(Saved data entries)
Lemma mem_free_rows (c : 'I_n) : (s0 c \in free_rows) = (c \in free_cols).
Proof. exact/mem_imset/perm_inj. Qed.

Definition free_col (j : 'I_n0) : 'I_n := enum_val j.
Definition free_row (i : 'I_n0) : 'I_n := enum_val (cast_ord (esym card_free_rows) i).

Lemma free_col_incr (i j : 'I_n0) : i < j -> free_col i < free_col j.
Proof. exact: enum_val_ord_incr. Qed.

Lemma free_row_incr (i j : 'I_n0) : i < j -> free_row i < free_row j.
Proof. exact: (@enum_val_ord_incr _ free_rows (cast_ord _ i) (cast_ord _ j)). Qed.

Lemma free_colP (j : 'I_n0) : free_col j \in free_cols.
Proof. exact: enum_valP. Qed.

Lemma free_rowP (i : 'I_n0) : free_row i \in free_rows.
Proof. exact: enum_valP. Qed.

Lemma free_col_onto (c : 'I_n) : c \in free_cols -> {j | free_col j = c}.
Proof. by move=> cC; exists (enum_rank_in cC c); apply: enum_rankK_in. Qed.

Lemma free_row_onto (r : 'I_n) : r \in free_rows -> {i | free_row i = r}.
Proof.
move=> rR; exists (cast_ord card_free_rows (enum_rank_in rR r)).
by rewrite /free_row cast_ordK enum_rankK_in.
Qed.

Definition compressed_board : seq nat :=
  [seq #|[set j | B (free_col j) (free_row i)]| | i <- enum 'I_n0].

Lemma in_compressed_board (i j : 'I_n0) :
  in_board compressed_board i j = B (free_col j) (free_row i).
Proof.
rewrite /in_board (nth_map i) ?size_enum_ord // nth_ord_enum.
apply: card_down_closed => j' j'' le_j; apply: B_down => //.
by rewrite (incr_ord_leq free_col_incr).
Qed.

Lemma compressed_board_ferrers : ferrers n0 compressed_board.
Proof.
split.
- by rewrite size_map size_enum_ord.
- have srt : sorted (relpre val ltn) (enum 'I_n0).
    by rewrite -sorted_map val_enum_ord iota_ltn_sorted.
  rewrite sorted_map; apply: sub_sorted srt => i i' /= ii'.
  apply/subset_leq_card/subsetP => j; rewrite !inE; apply: B_down => //.
  by rewrite (incr_ord_leq free_row_incr) ltnW.
- apply/allP => _ /mapP [i _ ->]; rewrite card_gt0; apply/set0Pn.
  have /imsetP [c cC ->] := free_rowP i; have [j cj] := free_col_onto cC.
  by exists j; rewrite inE cj; move: cC; rewrite inE.
- case: (posnP n0) => [n0_0 | n0_gt0].
    by rewrite nth_default // size_map size_enum_ord n0_0.
  rewrite (nth_map (Ordinal n0_gt0)) ?size_enum_ord // -[RHS]card_ord -cardsT.
  apply: eq_card => j; rewrite !inE.
  have [i row_i] : {i | free_row i = s0 (free_col j)}.
    by apply: free_row_onto; rewrite mem_free_rows free_colP.
  have := free_colP j; rewrite inE -row_i; apply: B_down => //.
  by rewrite (incr_ord_leq free_row_incr) nth_enum_ord.
Qed.

Definition compress (s : 'S_n) : {set 'I_n0 * 'I_n0} :=
  [set x | s (free_col x.2) == free_row x.1].

Definition fills_free_cells (s : 'S_n) : Prop :=
  (forall c, c \notin free_cols -> s c = s0 c) /\
  (forall c, c \in free_cols -> B c (s c)).

Lemma fills_free_rows (s : 'S_n) : fills_free_cells s ->
  forall c, c \in free_cols -> s c \in free_rows.
Proof.
case=> fixed _ c cC; apply: contraT => nR.
pose c' := (s0^-1)%g (s c); have s0c' : s0 c' = s c by rewrite permKV.
have c'C : c' \notin free_cols by rewrite -mem_free_rows s0c'.
have := fixed _ c'C; rewrite s0c' => /perm_inj c'c.
by rewrite c'c cC in c'C.
Qed.

Lemma compress_transversal (s : 'S_n) : fills_free_cells s ->
  Defs.transversal compressed_board (compress s).
Proof.
move=> fill; have [fixed inB] := fill; apply/and3P; split.
- apply/forallP => [[i j]]; apply/implyP; rewrite inE /= in_compressed_board.
  by move=> /eqP <-; rewrite inB ?free_colP.
- apply/forallP => i; apply/cards1P.
  pose c := (s^-1)%g (free_row i); have sc : s c = free_row i by rewrite permKV.
  have cC : c \in free_cols.
    apply: contraT => nC; have := free_rowP i.
    by rewrite -sc fixed // mem_free_rows (negbTE nC).
  have [j cj] := free_col_onto cC; exists j; apply/setP => j'; rewrite !inE -sc -cj.
  by apply/eqP/eqP => [/perm_inj/(incr_ord_inj free_col_incr) | ->].
- apply/forallP => j; apply/cards1P.
  have [i ij] := free_row_onto (fills_free_rows fill (free_colP j)).
  exists i; apply/setP => i'; rewrite !inE -ij.
  by apply/eqP/eqP => [/(incr_ord_inj free_row_incr) | ->].
Qed.

Lemma compress_inj (s s' : 'S_n) : fills_free_cells s -> fills_free_cells s' ->
  compress s = compress s' -> s = s'.
Proof.
move=> fill fill' E; apply/permP => c.
case: (boolP (c \in free_cols)) => cC; last by rewrite fill.1 ?fill'.1.
have [j <-] := free_col_onto cC.
have [i ij] := free_row_onto (fills_free_rows fill (free_colP j)).
have : (i, j) \in compress s by rewrite inE ij.
by rewrite E inE -ij => /eqP.
Qed.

• [Work required] Nothing but a number should be given: the count of lines in the data above with the word "Lemma".

• [Task response] 12